To do this, Asset Managers can:
- Continue their learning: Stay updated with the latest market trends, economic news, and financial reports. This could involve subscribing to industry publications, attending webinars, and participating in relevant forums.
- Leverage technology: Use advanced analytics and data to learn more about their clients so that they can provide relevant, customised experiences.
- Attend networking events: Engage with other professionals in the field, including market analysts and other Asset Managers. Networking can provide insights into industry best practices and trends.
- Manage risks: Develop strategies for risk assessment and management. A proactive approach involves not only identifying potential risks but also having pre-emptive measures in place.
- Be financially savvy: Have the ability to analyse market trends, evaluate the performance of assets, and strategically allocate resources to maximise profitability while mitigating potential financial risks.
There is also a greater demand for Asset Managers with skills across different asset classes and the sub-categories within each which we’re exploring below.
Employing a Multi-Asset Strategy
Gone are the days when an Asset Manager could specialise in either commercial, residential or retail.
Now each of these categories are branching out, introducing sub-categories and unique demands by their owners and managers, with each necessitating a bespoke management approach to serve its users.
As the market for living spaces diversifies into increasingly specific usage categories, the expertise required for managing these spaces must also evolve.
This results in talent gaps and supply and demand challenges within the sector. Consequently, for Asset Managers to thrive, they must expand their knowledge to cover a variety of asset classes rather than focussing on one.
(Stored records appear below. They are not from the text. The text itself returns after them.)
Lemma ip_lin_comb_basis n m e c j : orthonormal m e -> (n <= m)%nat -> (j < n)%nat ->
  ip (lin_comb n e c) (e j) = c j.
Proof.
  intros [O1 O2] Hnm. induction n; intros Hj; [lia|]. simpl.
  rewrite hinner_addl, hinner_scall.
  destruct (Nat.eq_dec j n) as [->|Hne].
  - rewrite ip_lin_comb_orth, O1 by (try intros; try apply O2; lia). ring.
  - rewrite IHn, O2 by lia. ring.
Qed.

Lemma ip_lin_comb_lin_comb n e c d : orthonormal n e ->
  ip (lin_comb n e c) (lin_comb n e d) = ssum n (fun i => c i * d i).
Proof.
  intro O. rewrite ip_lin_comb_r. apply ssum_ext. intros i Hi.
  rewrite (ip_lin_comb_basis n n e c i O) by lia. ring.
Qed.

Definition proj (n : nat) (e : nat -> H) (y : H) : H := lin_comb n e (fun i => ip y (e i)).

Lemma proj_add n e x y : proj n e (x +v y) = proj n e x +v proj n e y.
Proof. unfold proj. rewrite <- lin_comb_add. apply lin_comb_ext. intros; apply hinner_addl. Qed.

Lemma proj_scal n e a x : proj n e (a *v x) = a *v proj n e x.
Proof. unfold proj. rewrite <- lin_comb_scal. apply lin_comb_ext. intros; apply hinner_scall. Qed.

Lemma proj_lin_comb n e c : orthonormal n e -> proj n e (lin_comb n e c) = lin_comb n e c.
Proof. intro O. unfold proj. apply lin_comb_ext. intros i Hi. apply (ip_lin_comb_basis n n); auto. Qed.

Lemma proj_idem n e x : orthonormal n e -> proj n e (proj n e x) = proj n e x.
Proof. intro O. apply proj_lin_comb; auto. Qed.

Lemma proj_of_orth n e y : (forall i, (i < n)%nat -> ip (e i) y = 0) -> proj n e y = 0v.
Proof. intro E. unfold proj. apply lin_comb_zero. intros; rewrite hinner_sym; auto. Qed.

Lemma proj_residual_orth n e y j : orthonormal n e -> (j < n)%nat ->
  ip (hsub y (proj n e y)) (e j) = 0.
Proof.
  intros O Hj. rewrite ip_subl. unfold proj. rewrite (ip_lin_comb_basis n n e _ j O) by lia. ring.
Qed.

Lemma proj_residual_orth_lin_comb n e y c : orthonormal n e ->
  ip (hsub y (proj n e y)) (lin_comb n e c) = 0.
Proof.
  intro O. rewrite hinner_sym. apply ip_lin_comb_orth. intros i Hi. rewrite hinner_sym.
  apply proj_residual_orth; auto.
Qed.

Lemma bessel n e y : orthonormal n e ->
  ssum n (fun i => ip y (e i) * ip y (e i)) <= ip y y.
Proof.
  intro O. pose proof (hinner_pos H (hsub y (proj n e y))) as P.
  rewrite ip_subl, !ip_subr in P. unfold proj in P.
  rewrite ip_lin_comb_lin_comb, ip_lin_comb_l, ip_lin_comb_r in P by auto.
  rewrite (ssum_ext n (fun i => ip y (e i) * ip (e i) y) (fun i => ip y (e i) * ip y (e i))) in P
    by (intros; rewrite (hinner_sym _ (e i)); auto).
  lra.
Qed.
Lemma in_prox_tie z : `|z| = tau ->
  in_prox mu lam q z 0 /\ in_prox mu lam q z (Num.sg z * eta).
Proof.
have [z_lt0|z_gt0|->] := ltgtP z 0 => z_tau.
- have -> : z = - tau by rewrite -z_tau ltr0_norm ?opprK.
  rewrite sgrN gtr0_sg ?tau_gt0 // mulN1r -{1}oppr0.
  by have [? ?] := in_prox_tau; split; apply: in_proxNN.
- have -> : z = tau by rewrite -z_tau gtr0_norm.
  by rewrite gtr0_sg ?tau_gt0 // mul1r; exact: in_prox_tau.
- by move: tau_gt0; rewrite -z_tau normr0 ltxx.
Qed.

Lemma is_T_in_prox z w v : is_T mu lam q z w v -> in_prox mu lam q z v.
Proof.
rewrite /is_T; case: ifPn => // /negPn/eqP /in_prox_tie[tie0 tie_eta].
by case: ifP => _ ->.
Qed.

Lemma is_T_eq0_or_ge_eta z w v : is_T mu lam q z w v -> v = 0 \/ eta <= `|v|.
Proof.
move=> /is_T_in_prox zv; have [->|v_neq0] := eqVneq v 0; first by left.
by right; apply: in_prox_norm_ge_eta zv v_neq0.
Qed.

End ScalarThreshold.

Section Objective.
Variables (R : realType) (m N : nat) (A : 'M[R]_(m, N)) (y : 'cV[R]_m) (lam q : R).

Definition Tlam (x : 'cV[R]_N) : R :=
  2^-1 * \sum_(k < m) ((A *m x - y) k 0) ^+ 2 + lam * \sum_(j < N) `|x j 0| `^ q.

Lemma Tlam_ge0 x : 0 <= lam -> 0 <= Tlam x.
Proof.
move=> lam_ge0.
by rewrite addr_ge0 ?mulr_ge0 ?sumr_ge0 // => *; rewrite ?sqr_ge0 ?powR_ge0.
Qed.

Lemma colnorm2_le_Lmax i : colnorm2 A i <= Lmax A.
Proof. exact: le_bigmax. Qed.

Variables (x x' : 'cV[R]_N) (i : 'I_N).
Hypothesis x'E : forall j, j != i -> x' j 0 = x j 0.

Lemma sum_coord_update (f : 'I_N -> R -> R) :
  \sum_(j < N) f j (x' j 0) = \sum_(j < N) f j (x j 0) + f i (x' i 0) - f i (x i 0).
Proof.
rewrite [LHS](bigD1 i) // [in RHS](bigD1 i) //=.
rewrite (eq_bigr (fun j => f j (x j 0))) => [|j /x'E -> //].
by lra.
Qed.

Lemma residual_sqr_update :
  \sum_(k < m) ((A *m x' - y) k 0) ^+ 2 =
  \sum_(k < m) ((A *m x - y) k 0) ^+ 2
  + 2 * (x' i 0 - x i 0) * (A^T *m (A *m x - y)) i 0
  + (x' i 0 - x i 0) ^+ 2 * colnorm2 A i.
Proof.
set d := x' i 0 - x i 0; set r := A *m x - y.
have res k : (A *m x' - y) k 0 = r k 0 + A k i * d.
  rewrite /r !mxE.
  by rewrite (sum_coord_update (fun j v => A k j * v)) /d; ring.
have g_sum : (A^T *m r) i 0 = \sum_(k < m) A k i * r k 0.
  by rewrite mxE; apply: eq_bigr => k _; rewrite mxE.
rewrite g_sum /colnorm2 !mulr_sumr -!big_split /=.
by apply: eq_bigr => k _; rewrite res; ring.
Qed.

Lemma Tlam_coord_descent mu : 0 < mu ->
  in_prox mu lam q (x i 0 - mu * (A^T *m (A *m x - y)) i 0) (x' i 0) ->
  Tlam x' + (1 - mu * Lmax A) / (2 * mu) * (x' i 0 - x i 0) ^+ 2 <= Tlam x.
Proof.
move=> mu_gt0 /(_ (x i 0)); rewrite prox_obj_le // /penq => opt.
have mu2_gt0 : 0 < 2 * mu by rewrite mulr_gt0.
rewrite -(ler_pM2l mu2_gt0) mulrDr.
have -> : 2 * mu * ((1 - mu * Lmax A) / (2 * mu) * (x' i 0 - x i 0) ^+ 2) =
    (1 - mu * Lmax A) * (x' i 0 - x i 0) ^+ 2 by field; rewrite gt_eqF.
rewrite /Tlam residual_sqr_update (sum_coord_update (fun _ v => `|v| `^ q)).
have := ler_wpM2l (mulr_ge0 (ltW mu_gt0) (sqr_ge0 (x' i 0 - x i 0)))
  (colnorm2_le_Lmax i).
lra.
Qed.

End Objective.

Lemma sgr_eq_of_dist_lt {R : realFieldType} (a b : R) :
  `|b - a| < `|a| -> Num.sg b = Num.sg a.
Proof.
move=> /ltr_normlP[].
have [a_lt0|a_gt0|->] := ltgtP a 0; last by rewrite normr0; lra.
- by rewrite ltr0_norm // => *; rewrite !ltr0_sg //; lra.
- by rewrite gtr0_norm // => *; rewrite !gtr0_sg //; lra.
Qed.

Lemma sgr_eq_of_gap {R : realFieldType} (e a b : R) :
  (a = 0 \/ e <= `|a|) -> (b = 0 \/ e <= `|b|) -> `|b - a| < e -> Num.sg b = Num.sg a.
Proof.
move=> [->|a_ge] [->|b_ge] ab_lt //; rewrite ?subr0 ?sub0r ?normrN in ab_lt.
- by move: (lt_le_trans ab_lt b_ge); rewrite ltxx.
- by move: (lt_le_trans ab_lt a_ge); rewrite ltxx.
- by apply: sgr_eq_of_dist_lt; apply: lt_le_trans a_ge.
Qed.

Section NonincreasingSequence.
Local Open Scope classical_set_scope.

Lemma nonincreasing_eventually_step_lt {R : realType} (F : R^nat) (c : R) :
  0 < c -> (forall n, 0 <= F n) -> (forall n, F n.+1 <= F n) ->
  exists n0, forall n, (n0 <= n)%N -> F n - F n.+1 < c.
Proof.
move=> c_gt0 F_ge0 /nonincreasing_seqP F_noninc.
have F_cvg : F n @[n --> \oo] --> inf (range F).
  by apply: nonincreasing_cvgn => //; exists 0 => _ [n _ <-].
have F_step : F n - F n.+1 @[n --> \oo] --> inf (range F) - inf (range F).
  by apply: cvgB => //; rewrite cvg_shiftS.
have [n0 _ n0_near] := cvgr_dist_lt _ _ F_step _ c_gt0.
exists n0 => n /n0_near; rewrite subrr sub0r normrN.
exact: le_lt_trans (ler_norm _).
Qed.

End NonincreasingSequence.
Lemma tens_sum_pi t : tens_sum t = \pi_tensor (fcoef t).
Proof.
rewrite /tensor_eval fcoef_sum raddf_sum.
by apply: eq_bigr => -[n [p a]] _; rewrite raddfMz.
Qed.

Lemma tensor_zeroP t : tensor_zero t <-> tens_sum t = 0.
Proof.
rewrite tens_sum_pi (rwP eqP) -(raddf0 \pi_tensor) -Quotient.idealrBE subr0.
exact: (rwP (asboolP _)).
Qed.

Lemma tens_sum_rel l : tensor_rel l -> tens_sum l = 0.
Proof.
move=> l_rel; apply/tensor_zeroP; exists [:: (1, l)].
by split=> [l' /[1!inE] /eqP-> // | x]; rewrite big_seq1 mul1r.
Qed.

Lemma tensDl p p' a : tens (p + p') a = tens p a + tens p' a.
Proof.
have /tens_sum_rel : tensor_rel [:: (1, (p + p', a)); (-1, (p, a)); (-1, (p', a))].
  by left; exists p, p', a.
rewrite /tensor_eval !big_cons big_nil /= mulr1z !mulrN1z addr0 -opprD.
by move/eqP; rewrite subr_eq0 => /eqP.
Qed.

Lemma tensDr p a a' : tens p (a + a') = tens p a + tens p a'.
Proof.
have /tens_sum_rel : tensor_rel [:: (1, (p, a + a')); (-1, (p, a)); (-1, (p, a'))].
  by right; left; exists p, a, a'.
rewrite /tensor_eval !big_cons big_nil /= mulr1z !mulrN1z addr0 -opprD.
by move/eqP; rewrite subr_eq0 => /eqP.
Qed.

Lemma tensZ c p a : tens (c *: p) a = tens p (c *: a).
Proof.
have /tens_sum_rel : tensor_rel [:: (1, (c *: p, a)); (-1, (p, c *: a))].
  by right; right; exists c, p, a.
rewrite /tensor_eval !big_cons big_nil /= mulr1z mulrN1z addr0.
by move/eqP; rewrite subr_eq0 => /eqP.
Qed.

Fact tens_is_zmod_morphism p : zmod_morphism (tens p).
Proof. by move=> a a'; apply/eqP; rewrite eq_sym subr_eq -tensDr subrK. Qed.
HB.instance Definition _ p :=
  GRing.isZmodMorphism.Build A tensor (tens p) (tens_is_zmod_morphism p).

Lemma tens0l a : tens 0 a = 0.
Proof. by apply: (addrI (tens 0 a)); rewrite -tensDl !addr0. Qed.

Lemma tens_suml I (r : seq I) (Pr : pred I) (F : I -> P) a :
  tens (\sum_(i <- r | Pr i) F i) a = \sum_(i <- r | Pr i) tens (F i) a.
Proof. by elim/big_rec2: _ => [|i x y _ <-]; rewrite ?tens0l ?tensDl. Qed.

Lemma tensMzl p a n : tens (p *~ n) a = tens p a *~ n.
Proof. by rewrite -scaler_int tensZ scaler_int raddfMz. Qed.

Section UniversalProperty.
Variables (V : zmodType) (beta : P -> A -> V).
Hypothesis betaDl : forall p p' a, beta (p + p') a = beta p a + beta p' a.
Hypothesis betaDr : forall p a a', beta p (a + a') = beta p a + beta p a'.
Hypothesis betaZ : forall c p a, beta (c *: p) a = beta p (c *: a).

Lemma tensor_eval_fcoef t r : uniq r -> {subset map snd t <= r} ->
  tensor_eval beta t = \sum_(z <- r) beta z.1 z.2 *~ fcoef t z.
Proof.
move=> r_uniq t_r; rewrite /tensor_eval; symmetry.
under eq_bigr => z _ do rewrite /fcoef mulrz_sumr big_mkcond.
rewrite exchange_big /=; apply: eq_big_seq => y y_t; rewrite -big_mkcond.
rewrite (eq_bigl (pred1 y.2)) => [|z]; last by rewrite /= eq_sym.
by rewrite -big_filter filter_pred1_uniq ?t_r ?map_f // big_seq1.
Qed.

Lemma tensor_eval_rel l : tensor_rel l -> tensor_eval beta l = 0.
Proof.
rewrite /tensor_eval; case=> [[p [p' [a ->]]] | [[p [a [a' ->]]] | [c [p [a ->]]]]];
by rewrite !big_cons big_nil /= ?betaDl ?betaDr ?betaZ mulr1z !mulrN1z addr0
   -?opprD subrr.
Qed.

Lemma tensor_eval_zero t : tensor_zero t -> tensor_eval beta t = 0.
Proof.
move=> [L [LR tL]].
pose r := undup (map snd t ++ flatten [seq map snd l.2 | l <- L]).
have r_uniq : uniq r := undup_uniq _.
have l_r l : l \in L -> {subset map snd l.2 <= r}.
  move=> lL z zl; rewrite mem_undup mem_cat; apply/orP; right.
  apply/flattenP; exists (map snd l.2) => //.
  exact: (map_f (fun l => map snd l.2) lL).
rewrite (tensor_eval_fcoef r_uniq) => [|z zt]; last by rewrite mem_undup mem_cat zt.
under eq_bigr => z _ do rewrite tL mulrz_sumr.
rewrite exchange_big big1_seq // => l /andP[_ lL].
under eq_bigr => z _ do rewrite mulrC mulrzA.
rewrite -mulrz_suml -(tensor_eval_fcoef r_uniq (l_r l lL)).
by rewrite tensor_eval_rel ?mul0rz //; apply: LR.
Qed.

Lemma tensor_eval_eq t1 t2 :
  tens_sum t1 = tens_sum t2 -> tensor_eval beta t1 = tensor_eval beta t2.
Proof.
move/eqP; rewrite -subr_eq0 -tensor_eval_sub => /eqP/tensor_zeroP/tensor_eval_zero.
by move/eqP; rewrite tensor_eval_sub subr_eq0 => /eqP.
Qed.

End UniversalProperty.

Lemma tens_sum_map0 (B : lmodType R) (t : seq (int * (P * B))) :
  tens_sum (tensor_map (fun _ => 0 : A) t) = 0.
Proof. by rewrite /tensor_eval big_map big1 // => y _; rewrite raddf0 mul0rz. Qed.

End TensorProduct.

Arguments tens {R P A}.
Notation tens_sum := (tensor_eval tens).

Lemma tensor_scale_map (R : comPzRingType) (P B C : lmodType R) (f : {linear B -> C})
    s (t : seq (int * (P * B))) :
  tensor_scale s (tensor_map f t) = tensor_map f (tensor_scale s t).
Proof.
rewrite /tensor_scale /tensor_map -!map_comp.
by apply: eq_map => y /=; rewrite linearZZ.
Qed.

Lemma tens_sum_free (R : comPzRingType) (P : lmodType R) m n
    (t : seq (int * (P * 'M[R]_(m, n)))) :
  (forall i j, \sum_(y <- t) (y.2.2 i j *: y.2.1) *~ y.1 = 0) -> tens_sum t = 0.
Proof.
move=> coord0.
have tensE p (a : 'M_(m, n)) :
    tens p a = \sum_(ij : 'I_m * 'I_n) tens (a ij.1 ij.2 *: p) (delta_mx ij.1 ij.2).
  rewrite {1}[a]matrix_sum_delta pair_bigA raddf_sum.
  by apply: eq_bigr => ij _; rewrite tensZ.
rewrite /tensor_eval; under eq_bigr => y _ do rewrite tensE mulrz_suml.
rewrite exchange_big big1 // => ij _.
under eq_bigr => y _ do rewrite -tensMzl.
by rewrite -tens_suml coord0 tens0l.
Qed.
(* At p on the h-sphere, P = p - z0 and JP span the g-normal plane, with
   g(P,P) = a and g(JP,P) = b.  Differentiating g(Y,P) = 0 and g(Y,JP) = 0
   along the sphere gives the second fundamental form,
   g(D_x Y, P) = -g(y,x) and g(D_x Y, JP) = -g(y,Jx), and the Gauss equation
   expresses g(R(x,y)y, t) through these normal components.  On a totally
   real plane every J-term vanishes, leaving R(x,y,y,x) = a/(a^2+b^2) pi1 and
   R(x,y,y,Jx) = -b/(a^2+b^2) pi1, which are nu and nut for the given a, b.
   Two analytic facts are needed: symmetry of second derivatives of smooth
   fields, and the vanishing along tangent vectors of the derivative of a
   function that vanishes on the h-sphere, proved with a curve on the sphere
   of prescribed velocity. *)

Section NordenForm.
Variables (R : realType) (n : nat).
Local Notation V := (pt R n).
Implicit Types Z W U : V.

Lemma gN_sum Z W : gN Z W = \sum_(k < n.+1)
  (Z 0 (lshift _ k) * W 0 (lshift _ k) - Z 0 (rshift _ k) * W 0 (rshift _ k)).
Proof. by rewrite /gN sumrB; congr (_ - _); apply: eq_bigr => k _; rewrite !mxE. Qed.

Lemma Jop_lshift Z k : Jop Z 0 (lshift _ k) = Z 0 (rshift _ k).
Proof. by rewrite /Jop row_mxEl mxE. Qed.

Lemma Jop_rshift Z k : Jop Z 0 (rshift _ k) = - Z 0 (lshift _ k).
Proof. by rewrite /Jop row_mxEr !mxE. Qed.

Lemma gN_sym Z W : gN Z W = gN W Z.
Proof. by rewrite !gN_sum; apply: eq_bigr => k _; ring. Qed.

Lemma gNDl Z W U : gN (Z + W) U = gN Z U + gN W U.
Proof. by rewrite !gN_sum -big_split; apply: eq_bigr => k _; rewrite !mxE /=; ring. Qed.
Lemma insbit_lt {i s} b {m} : i < s -> m < 2 ^ s.-1 -> insbit i b m < 2 ^ s.
Proof.
case: s => [//|s] /= le_is lt_m; have {}le_is : i <= s := le_is.
have Ep : 2 ^ s = 2 ^ (s - i) * 2 ^ i by rewrite -expnD subnK.
have hi : m %/ 2 ^ i < 2 ^ (s - i) by rewrite ltn_divLR ?pow2_gt0 // -Ep.
rewrite /insbit -addnA.
apply: (@leq_trans ((m %/ 2 ^ i).+1 * 2 ^ i.+1)).
  rewrite mulSn [X in _ < X]addnC ltn_add2l expnS mul2n -addnn -addnS.
  by apply: leq_add; [case: b; rewrite ?mul1n ?mul0n | exact: ltn_pmod (pow2_gt0 i)].
by rewrite -[in X in _ <= X](subnK le_is) -addnS expnD leq_mul.
Qed.

Lemma delbit_fiber {s i} (c : 'I_(2 ^ s)) : i < s ->
  exists c0 c1 : 'I_(2 ^ s), [/\ c0 != c1,
    delbit i c0 = delbit i c, delbit i c1 = delbit i c &
    forall c' : 'I_(2 ^ s), (delbit i c' == delbit i c) = (c' == c0) || (c' == c1)].
Proof.
move=> lt_is; have lt_m := delbit_lt lt_is (ltn_ord c).
exists (Ordinal (insbit_lt false lt_is lt_m)), (Ordinal (insbit_lt true lt_is lt_m)).
split; rewrite ?delbit_insbit //.
  by apply/eqP => /(congr1 (bitn i \o val)) /=; rewrite !bitn_insbit.
move=> c'; apply/eqP/idP => [E|/orP[] /eqP -> /=]; rewrite ?delbit_insbit //.
by rewrite -!val_eqE /= -(insbit_delbit i c') E; case: (bitn i c'); rewrite eqxx ?orbT.
Qed.

Lemma bigxor_pair (I : finType) (c0 c1 : I) (F : I -> bool) : c0 != c1 ->
  \big[addb/false]_(c | (c == c0) || (c == c1)) F c = F c0 (+) F c1.
Proof.
move=> ne; rewrite (bigD1 c0) ?eqxx //= (bigD1 c1) /=; last by rewrite eqxx orbT eq_sym.
by rewrite big_pred0 ?addbF // => c; case: (c == c0); case: (c == c1).
Qed.

Lemma fiber_xor0P {s i} (g : 'I_(2 ^ s) -> bool) : i < s ->
  (forall c : 'I_(2 ^ s),
     ~~ \big[addb/false]_(c' : 'I_(2 ^ s) | delbit i c' == delbit i c) g c') <->
  (forall c c' : 'I_(2 ^ s), delbit i c' = delbit i c -> g c' = g c).
Proof.
move=> lt_is; split=> [xor0 c c' Ec'|gconst c].
- have [c0 [c1 [ne _ _ fib]]] := delbit_fiber c lt_is.
  have g01 : g c0 = g c1.
    by move: (xor0 c); rewrite (eq_bigl _ _ fib) bigxor_pair //; case: (g c0); case: (g c1).
  have in_pair (x : 'I_(2 ^ s)) : delbit i x = delbit i c -> g x = g c0.
    by move=> Ex; have := fib x; rewrite Ex eqxx => /esym/orP[]/eqP->.
  by rewrite (in_pair c') // (in_pair c).
- have [c0 [c1 [ne E0 E1 fib]]] := delbit_fiber c lt_is.
  by rewrite (eq_bigl _ _ fib) bigxor_pair // (gconst c c0) // (gconst c c1) // addbb.
Qed.

Lemma blk_props (l : nat -> nat) s j : l 0 = 0 -> j < l s ->
  [/\ blk l s j < s, l (blk l s j) <= j & j < l (blk l s j).+1].
Proof.
move=> l0 lt_js; have s_gt0 : 0 < s by case: s lt_js => //; rewrite l0.
have has_blk : has (fun i => j < l i.+1) (iota 0 s).
  apply/hasP; exists s.-1; first by rewrite mem_iota add0n prednK ?leqnn.
  by rewrite prednK.
have lt_blk : blk l s j < s by move: has_blk; rewrite has_find size_iota.
split => //; last by have := nth_find 0 has_blk; rewrite nth_iota ?add0n.
rewrite /blk; case E: (find _ _) => [|i]; first by rewrite l0.
have := @before_find _ 0 (fun i => j < l i.+1) (iota 0 s) i.
rewrite E ltnSn nth_iota ?add0n => [lt_ji|]; first by rewrite leqNgt lt_ji.
by rewrite -E ltnW // -(size_iota 0 s) -has_find.
Qed.

Lemma T_dvd_Mblk n (T : 'I_n -> nat) l q i (j : 'I_n) :
  l i <= j -> j < l i.+1 -> T j %| Mblk n T l q i.
Proof. by move=> lo hi; apply/dvdn_mull/(biglcmn_sup j); rewrite ?lo ?hi. Qed.

Lemma tau_cong n T l q s i d c c' : d %| Mblk n T l q i ->
  delbit i c = delbit i c' -> tau n T l q s c = tau n T l q s c' %[mod d].
Proof.
move=> dvd_dM E; rewrite /tau -modn_summ -[in RHS]modn_summ; congr (_ %% d).
apply: eq_bigr => i' _; case: (eqVneq (val i') i) => [->|ne].
  by rewrite !(eqP (dvdn_mull _ dvd_dM)).
by rewrite (bitn_delbit ne E).
Qed.

Lemma cong_iff_delbit (tauf : nat -> nat) s i d : i < s ->
  (forall c c', delbit i c = delbit i c' -> tauf c = tauf c' %[mod d]) ->
  (forall c c', c < 2 ^ s -> c' < 2 ^ s -> ~~ bitn i c -> ~~ bitn i c' ->
       tauf c = tauf c' %[mod d] -> c = c') ->
  forall c c', c < 2 ^ s -> c' < 2 ^ s ->
  (tauf c == tauf c' %[mod d]) = (delbit i c == delbit i c').
Proof.
move=> lt_is fib_cong sep c c' lt_c lt_c'.
apply/eqP/eqP => [E|]; last exact: fib_cong.
pose c0 := insbit i false (delbit i c); pose c0' := insbit i false (delbit i c').
have [D0 D0'] : delbit i c0 = delbit i c /\ delbit i c0' = delbit i c'.
  by rewrite !delbit_insbit.
suff E0 : c0 = c0' by rewrite -D0 E0 D0'.
apply: sep; rewrite ?bitn_insbit ?(insbit_lt false lt_is (delbit_lt lt_is _)) //.
by rewrite (fib_cong _ _ D0) E -(fib_cong _ _ D0').
Qed.

Lemma getb_lt {N} (g : {ffun 'I_N -> bool}) {m} (lt_mN : m < N) :
  getb g m = g (Ordinal lt_mN).
Proof. by rewrite /getb insubT. Qed.

Lemma chi_lt {n k l s c alpha} {j : 'I_n} (lt_jk : j < k) :
  chi n k l s c alpha j = getb (alpha (Ordinal lt_jk)) (delbit (blk l s j) c).
Proof. by rewrite /chi ffunE insubT. Qed.

Lemma chi_ge n k l s c alpha (j : 'I_n) : k <= j -> chi n k l s c alpha j = false.
Proof. by move=> le_kj; rewrite /chi ffunE insubN // -leqNgt. Qed.

Section BlockStructure.

Context {n k s : nat} {T : 'I_n -> nat} {l q : nat -> nat}.
Hypotheses (l0 : l 0 = 0) (lsk : l s = k) (le_kn : k <= n).
Hypothesis tail_sep : forall j : 'I_n, k <= j -> forall c c', c < 2 ^ s -> c' < 2 ^ s ->
  tau n T l q s c = tau n T l q s c' %[mod T j] -> c = c'.
Hypothesis block_sep : forall i, i < s -> forall j : 'I_n, l i <= j -> j < l i.+1 ->
  forall c c', c < 2 ^ s -> c' < 2 ^ s -> ~~ bitn i c -> ~~ bitn i c' ->
  tau n T l q s c = tau n T l q s c' %[mod T j] -> c = c'.

Local Notation tauf := (tau n T l q s).
Local Notation blkj j := (blk l s j).

Lemma blk_of {j : nat} : j < k -> [/\ blkj j < s, l (blkj j) <= j & j < l (blkj j).+1].
Proof. by move=> lt_jk; apply: blk_props; rewrite ?lsk. Qed.

Lemma cong_blk {j : 'I_n} : j < k -> forall c c' : 'I_(2 ^ s),
  (tauf c' == tauf c %[mod T j]) = (delbit (blkj j) c' == delbit (blkj j) c).
Proof.
move=> lt_jk c c'; have [lt_is lo hi] := blk_of lt_jk.
apply: (@cong_iff_delbit tauf s _ (T j) lt_is _ _ c' c (ltn_ord c') (ltn_ord c)).
  by move=> x y; apply: tau_cong; exact: T_dvd_Mblk.
exact: block_sep.
Qed.

Lemma cong_tail {j : 'I_n} : k <= j -> forall c c' : 'I_(2 ^ s),
  (tauf c' == tauf c %[mod T j]) = (c' == c).
Proof.
move=> le_kj c c'; apply/eqP/eqP => [E|-> //].
exact: val_inj (tail_sep j le_kj c' c (ltn_ord c') (ltn_ord c) E).
Qed.

Definition chis (alpha : {ffun 'I_k -> {ffun 'I_(2 ^ s.-1) -> bool}}) :
  {ffun 'I_(2 ^ s) -> {ffun 'I_n -> bool}} := [ffun c : 'I_(2 ^ s) => chi n k l s c alpha].

Lemma chisE alpha c : chis alpha c = chi n k l s c alpha.
Proof. by rewrite ffunE. Qed.

Definition blockwise (B : {ffun 'I_(2 ^ s) -> {ffun 'I_n -> bool}}) : Prop :=
  (forall j : 'I_n, j < k -> forall c c' : 'I_(2 ^ s),
     delbit (blkj j) c' = delbit (blkj j) c -> B c' j = B c j)
  /\ (forall j : 'I_n, k <= j -> forall c, B c j = false).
This need is further heightened by the adaptability of spaces, as offices can transition into residential areas and vice versa, supporting our earlier point regarding the improvement of workspaces with additional amenities such as gyms and childcare facilities.
Moreover, the theme of ‘hotel-isation’ is gaining traction. This concept, applicable to both residential and office buildings, sets an expectation for a certain level of service including concierge, who are capable of fulfilling a wide range of personal tasks, from laundry to pet care.
This gives people an even greater incentive to go into the office, reinforcing the need for Asset Managers to adopt a broad and inclusive approach to asset management.